Toch lijkt Plessners buitenstaanderspositie niet alleen te zijn gemotiveerd door de politieke omstandigheden. Reeds in Die Stufen des Organischen und der Mensch uit 1928 treedt dit motief op de voorgrond. ‘Excentrische positionaliteit’, het kernbegrip van zijn wijsgerige antropologie, en de daarmee verbonden antropologische grondwetten waarin de ‘natuurlijke kunstmatigheid’, ‘bemiddelde onmiddellijkheid’ en ‘utopische positie’ van de menselijke levensvorm tot uitdrukking komt, laten zich ook lezen als een pregnante uitdrukking van de vervreemding en ontworteling die kenmerkend is voor de moderne samenleving zoals die in het twintigste-eeuwse Europa gestalte kreeg. Waar veel van zijn tijdgenoten verlangden naar een nieuwe geborgenheid, daar staat bij Plessner zowel de persoonlijkheid als het werk in het teken van een radicale acceptatie van de ‘contitutieve thuisloosheid’ van de menselijke levensvorm.[4]
In dat perspectief bezien is het een gelukkige keuze van Carola Dietze geweest om de invloed die Plessners emigratie en remigratie hebben gehad op zijn denken, tot rode draad in haar biografie te maken. Dat onderscheidt Dietze’s biografie, een met de Hedwig-Hintze-Preis van het Deutschen Historikerverband bekroonde bewerking van haar Göttinger dissertatie uit 2005, van de twee andere recent verschenen biografieën over Plessner: Kersten Schüßlers in 2000 verschenen intellectuele biografie[5] en Christoph Dejungs literaire biografie uit 2003 die is gekleurd door de persoonlijke omgang met zijn leermeester.[6] Waar Schüßler zich grotendeels beperkt tot Plessners intellectuele ontwikkeling tot 1933, bestrijkt Dietze ook de biografisch en historisch cruciale periode daarna. Dietze’s biografie onderscheidt zich bovendien van de eerdere biografieën doordat deze is gebaseerd op omvangrijk wetenschappelijk verantwoord bronnenonderzoek. Door ruimhartig te citeren uit de o.a. uit de Keulse, Groningse en Göttingse universiteitsarchieven opgedoken briefwisselingen en rapporten biedt Dietze’s historische biografie niet alleen een fascinerend blik in de moeizame carrière van Plessner, maar ook in de geschiedenis van de genoemde universiteiten voor, tijdens en na de Tweede Wereldoorlog en – meer in het algemeen - van de academische cultuur in Duitsland en Nederland in die jaren.

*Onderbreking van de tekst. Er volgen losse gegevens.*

(* If F and F' are disjoint, x is constant on F and on F'; pick f0 in F as
   representative of F: the free coordinates are f0 and those outside F u F'. *)
Lemma disjoint_edges_sphere : F != set0 -> F' != set0 -> F :&: F' = set0 ->
  homeomorphic constant_on_edges (unit_sphere (n - #|F| - #|F'| + 1)).
Proof.
move=> /set0Pn [f0 f0F] F'0 I0.
have notF' i : i \in F -> i \notin F'.
  by move=> iF; apply: contraFN (in_set0 i) => iF'; rewrite -I0 inE iF iF'.
set S := f0 |: ~: (F :|: F').
pose rho i := if i \in F then f0 else i.
have F'S : [disjoint F' & S].
  rewrite -setI_eq0; apply/eqP/setP => i; rewrite !inE.
  apply/negP => /andP [iF' /orP [/eqP ef|]]; last by rewrite iF' orbT.
  by move: iF'; rewrite ef (negbTE (notF' _ f0F)).
have rhoS i : i \notin F' -> rho i \in S.
  by rewrite /rho !inE; case: ifP => [_ _|iF iF']; rewrite ?eqxx // iF (negbTE iF') orbT.
have rhoK s : s \in S -> rho s = s.
  by rewrite /rho !inE => /orP [/eqP ->|]; [rewrite f0F | rewrite negb_or => /andP [/negbTE ->]].
have -> : (n - #|F| - #|F'| + 1)%N = #|S|.
  have := cardsC (F :|: F'); rewrite card_ord cardsU I0 cards0 subn0.
  by rewrite cardsU1 in_setC in_setU f0F /=; lia.
apply: homeomorphic_ext (tied_sphere_homeomorphic F'0 F'S rhoS rhoK) => x.
split=> [[Cx [c1 c2]]|[Cx [_ c2 tie]]]; split=> //.
  split=> // [|i]; first by case/coxeter_sphereE: Cx.
  by rewrite /rho; case: ifP => // iF _; apply: c1.
split=> // i j iF jF; rewrite tie ?notF' // (tie j) ?notF' //.
by rewrite /rho iF jF.
Qed.
End TwoEdges.

Local Close Scope ring_scope.

Theorem mainTheorem12 (n : nat) (E : {set {set 'I_n}}) (HE : is_hypergraph E)
  (F F' : {set 'I_n}) (HF : F \in E) (HF' : F' \in E) (Hne : F != F') :
  [/\ (F :&: F' = set0 ->
         homeomorphic
           (realization (fun P => edge_sphere_face E F P /\ edge_sphere_face E F' P))
           (unit_sphere (n - #|F| - #|F'| + 1)%N)),
      (F :&: F' != set0 ->
         homeomorphic
           (realization (fun P => edge_sphere_face E F P /\ edge_sphere_face E F' P))
           (unit_sphere (n - #|F :|: F'|)%N)) &
      ((forall P, edge_sphere_face E F P -> edge_sphere_face E F' P -> size P = 1%N)
         <-> (F :|: F' = setT /\ F :&: F' != set0))].
Proof.
have [edge_nonempty _ _ _] := HE.
have F0 := edge_nonempty F HF; have F'0 := edge_nonempty F' HF'.
have realE x := realization_edge_spheres x HF HF' F0 F'0.
split.
- by move=> I0; apply: homeomorphic_ext realE (disjoint_edges_sphere F0 F'0 I0).
- by move=> I; apply: homeomorphic_ext realE (meeting_edges_sphere I).
- exact: edge_spheres_no_proper_face.
Qed.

Voor wie niet bekend is met Plessners filosofie, is het nadeel van Dietze’s historische benadering dat de filosofie enigszins fragmentarisch wordt behandeld. Om deze lezer tegemoet te komen, zal ik in het navolgende beknopt een systematisch overzicht geven van Plessners filosofie. Voordat ik daartoe overga, zal ik zijn leven en werk eerst kort situeren in het landschap van de twintigste-eeuwse filosofie.

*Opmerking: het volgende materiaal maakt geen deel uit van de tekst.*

(* Let $\mathscr A=\{0,1,2\}$, and let $\mu$ be the inhomogeneous multinomial measure on $\partial\mathscr A^\ast=\mathscr A^{\mathbb N}$ with parameters $a_1,a_2,a_3,b_1,b_2,b_3\in(0,1)$, $\sum a_i=\sum b_i=1$, and a sequence $(T_k)$ (integers, $T_1=1$, strictly increasing, $T_{k+1}/T_k\to\infty$). Fix $q\in\mathbb R$. Then there exist a Borel probability measure $\nu$ on $\partial\mathscr A^\ast$ and a strictly increasing sequence of integers $(n_k)_{k\ge1}$ such that (i) for every $n\ge1$ and every $w\in\mathscr A^n$, $\nu(w)\le\mu(w)^q\,3^{-n\underline\tau(q)}$; (ii) for every $\varepsilon>0$ there is $k_0$ such that for all $k\ge k_0$ and all $w\in\mathscr A^{n_k}$, $\nu(w)\le\mu(w)^q\,3^{-n_k(\tau(q)-\varepsilon)}$.
   Context: The inhomogeneous multinomial measure: for $w=\varepsilon_1\cdots\varepsilon_n\in\mathscr A^n$, $\mu(w)=\mu([w])=\prod_{j=1}^np_j$, where $p_j=a_{\varepsilon_j+1}$ if $T_{2k-1}\le j<T_{2k}$ for some $k$, and $p_j=b_{\varepsilon_j+1}$ if $T_{2k}\le j<T_{2k+1}$ for some $k$; $[w]$ denotes the set of infinite words beginning with $w$, and $\nu(w)=\nu([w])$. Define $\tau_n(q)$ by $\sum_{w\in\mathscr A^n}\mu(w)^q=3^{n\tau_n(q)}$, and $\tau(q)=\limsup_{n\to\infty}\tau_n(q)$, $\underline\tau(q)=\liminf_{n\to\infty}\tau_n(q)$. *)

From Stdlib Require Import Reals Lra Lia List ClassicalEpsilon.
Import ListNotations.
Open Scope R_scope.

(* Alphabet A = {0,1,2}; finite words are lists of naturals with entries < 3. *)
Definition is_word (w : list nat) : Prop := Forall (fun e => (e < 3)%nat) w.

Fixpoint words (n : nat) : list (list nat) :=
  match n with
  | O => [ [] ]
  | S m => flat_map (fun e => map (cons e) (words m)) [0%nat; 1%nat; 2%nat]
  end.

(* Position j (1-based) lies in an "a-phase": T_{2k-1} <= j < T_{2k} for some k >= 1. *)
Definition in_a_phase (T : nat -> nat) (j : nat) : Prop :=
  exists k, (1 <= k)%nat /\ (T (2 * k - 1) <= j < T (2 * k))%nat.

(* p_j for letter e: a_{e+1} in an a-phase, b_{e+1} otherwise
   (i.e. T_{2k} <= j < T_{2k+1}, since T_1 = 1 and T is increasing). *)
Definition pj (a b : nat -> R) (T : nat -> nat) (j e : nat) : R :=
  if excluded_middle_informative (in_a_phase T j) then a (S e) else b (S e).

Fixpoint mu_from (a b : nat -> R) (T : nat -> nat) (j : nat) (w : list nat) : R :=
  match w with
  | [] => 1
  | e :: w' => pj a b T j e * mu_from a b T (S j) w'
  end.
(* Let $I$ be a fuzzy implication function and $T$ a t-norm, and suppose $I$ satisfies the ordering property: $I(x,y)=1\iff x\le y$, for all $x,y\in[0,1]$. Then $I$ satisfies the monotonicity of the generalized modus ponens with respect to $T$ (i.e. $T(\tilde x,I(\tilde x,y))\le T(x,I(x,y))$ for all $x,\tilde x,y\in[0,1]$ with $\tilde x\le x$) if and only if, for every $y\in[0,1)$, the function $f_y:[y,1]\to[0,1]$, $f_y(x)=T(x,I(x,y))$, is increasing.
   Context: A fuzzy implication function is a map $I:[0,1]^2\to[0,1]$ decreasing in the first variable, increasing in the second, with $I(0,0)=I(1,1)=1$, $I(1,0)=0$. A t-norm is a commutative, associative binary operation on $[0,1]$, increasing in both variables, with neutral element $1$. ''Increasing'' means non-decreasing. *)

(* real numbers R; functions on [0,1] represented as total
   functions R -> R -> R whose axioms are required only on [0,1]. *)
From Stdlib Require Import Reals.
Open Scope R_scope.

Definition in01 (x : R) : Prop := 0 <= x <= 1.

Definition fuzzy_implication (I : R -> R -> R) : Prop :=
  (forall x y, in01 x -> in01 y -> in01 (I x y)) /\
  (forall x1 x2 y, in01 x1 -> in01 x2 -> in01 y -> x1 <= x2 -> I x2 y <= I x1 y) /\
  (forall x y1 y2, in01 x -> in01 y1 -> in01 y2 -> y1 <= y2 -> I x y1 <= I x y2) /\
  I 0 0 = 1 /\ I 1 1 = 1 /\ I 1 0 = 0.

Definition t_norm (T : R -> R -> R) : Prop :=
  (forall x y, in01 x -> in01 y -> in01 (T x y)) /\
  (forall x y, in01 x -> in01 y -> T x y = T y x) /\
  (forall x y z, in01 x -> in01 y -> in01 z -> T x (T y z) = T (T x y) z) /\
  (forall x1 x2 y, in01 x1 -> in01 x2 -> in01 y -> x1 <= x2 -> T x1 y <= T x2 y) /\
  (forall x y1 y2, in01 x -> in01 y1 -> in01 y2 -> y1 <= y2 -> T x y1 <= T x y2) /\
  (forall x, in01 x -> T x 1 = x).

Definition ordering_property (I : R -> R -> R) : Prop :=
  forall x y, in01 x -> in01 y -> (I x y = 1 <-> x <= y).

Definition monotone_GMP (I T : R -> R -> R) : Prop :=
  forall x xt y, in01 x -> in01 xt -> in01 y -> xt <= x ->
    T xt (I xt y) <= T x (I x y).

Definition f_y_increasing (I T : R -> R -> R) (y : R) : Prop :=
  forall x1 x2, y <= x1 -> x1 <= x2 -> x2 <= 1 ->
    T x1 (I x1 y) <= T x2 (I x2 y).

(* Only the ordering property of I and the neutrality of 1 for T matter.
   For x <= y the ordering property gives I(x,y) = 1, hence T(x, I(x,y)) = x.
   So for xt <= y the left side of the GMP inequality is xt, which is bounded
   by x when x <= y, and by f_y(y) = y <= f_y(x) when y < x; for y < xt both
   points lie in [y,1], where f_y is increasing. *)
From Stdlib Require Import Reals Lra.
Open Scope R_scope.

Definition one_right_neutral (T : R -> R -> R) : Prop :=
  forall x, in01 x -> T x 1 = x.

Lemma t_norm_one_right_neutral (T : R -> R -> R) :
  t_norm T -> one_right_neutral T.
Proof. now intros (_ & _ & _ & _ & _ & HT1). Qed.

Lemma modus_ponens_le (I T : R -> R -> R) (x y : R) :
  ordering_property I -> one_right_neutral T ->
  in01 x -> in01 y -> x <= y -> T x (I x y) = x.
Proof.
  intros Hord HT1 Hx Hy Hxy.
  assert (HI : I x y = 1) by now apply Hord.
  rewrite HI; exact (HT1 x Hx).
Qed.

Lemma monotone_GMP_f_y_increasing (I T : R -> R -> R) (y : R) :
  monotone_GMP I T -> 0 <= y -> f_y_increasing I T y.
Proof.
  intros Hgmp Hy x1 x2 Hyx1 Hx12 Hx2.
  apply Hgmp; unfold in01; lra.
Qed.

Lemma f_y_increasing_monotone_GMP (I T : R -> R -> R) :
  ordering_property I -> one_right_neutral T ->
  (forall y, 0 <= y < 1 -> f_y_increasing I T y) -> monotone_GMP I T.
Proof.
  intros Hord HT1 Hf x xt y Hx Hxt Hy Hxtx.
  destruct (Rle_or_lt xt y) as [Hxty | Hyxt].
  - rewrite (modus_ponens_le I T xt y) by assumption.
    destruct (Rle_or_lt x y) as [Hxy | Hyx].
    + rewrite (modus_ponens_le I T x y) by assumption; exact Hxtx.
    + assert (Hfy : T y (I y y) <= T x (I x y))
        by (apply Hf; unfold in01 in *; lra).
      rewrite (modus_ponens_le I T y y) in Hfy by (auto; lra).
      lra.
  - apply (Hf y); unfold in01 in *; lra.
Qed.

Theorem proposition10 (I T : R -> R -> R) :
  fuzzy_implication I -> t_norm T -> ordering_property I ->
  (monotone_GMP I T <-> (forall y, 0 <= y < 1 -> f_y_increasing I T y)).
Proof.
  intros _ HT Hord.
  split.
  - intros Hgmp y Hy.
    exact (monotone_GMP_f_y_increasing I T y Hgmp (proj1 Hy)).
  - exact (f_y_increasing_monotone_GMP I T Hord (t_norm_one_right_neutral T HT)).
Qed.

Helmuth Plessner: leven en werk in vogelvlucht
Helmuth Plessner werd in 1892 geboren in het Wiesbaden (Duitsland) als zoon van welgestelde ouders. Zijn vader was arts in een van de vele kuuroorden die Wiesbaden rijk is. Hoewel vrucht van een joods geslacht, was hij, zoals veel joden in het toenmalige Duitsland, volledig geassimileerd in de Duitse samenleving en bekeerd tot het protestantisme. Helmuths moeder was eveneens, en van huis uit, protestant. Helmuth studeerde medicijnen in Freiburg en vervolgens zoölogie en filosofie in Heidelberg. Daar kwam hij in aanraking met vooraanstaande Duitse wetenschappers als Windelband, Weber en Troeltsch. In 1914 ging hij naar Göttingen om zich bij Husserl te verdiepen in de fenomenologie en raakte hij gefascineerd door de filosofie van Kant en Dilthey.[7] Na in 1918 in Erlangen te zijn gepromoveerd, schreef hij bij Max Scheler in Keulen zijn Habilitationsschrift, dat hem het recht opleverde om aan de universiteit te doceren. In 1926 werd hij aan de filosofische faculteit van de Keulse universiteit buitengewoon hoogleraar. Intussen had hij in 1923 zijn boek Die Einheit der Sinne gepubliceerd en werkte hij, deels geïnspireerd door Max Scheler, aan zijn eerste grote ontwerp van een natuurfilosofie en wijsgerige antropologie. Zijn ruim driehonderdvijftig pagina’s dikke Die Stufen des Organischen und der Mensch verscheen vijf jaar later, een jaar na Heideggers baanbrekende en invloedrijke boek Sein und Zeit (1927). Ook Scheler publiceerde in 1928 met Die Stellung des Menschen im Kosmos een schets van de wijsgerige antropologie.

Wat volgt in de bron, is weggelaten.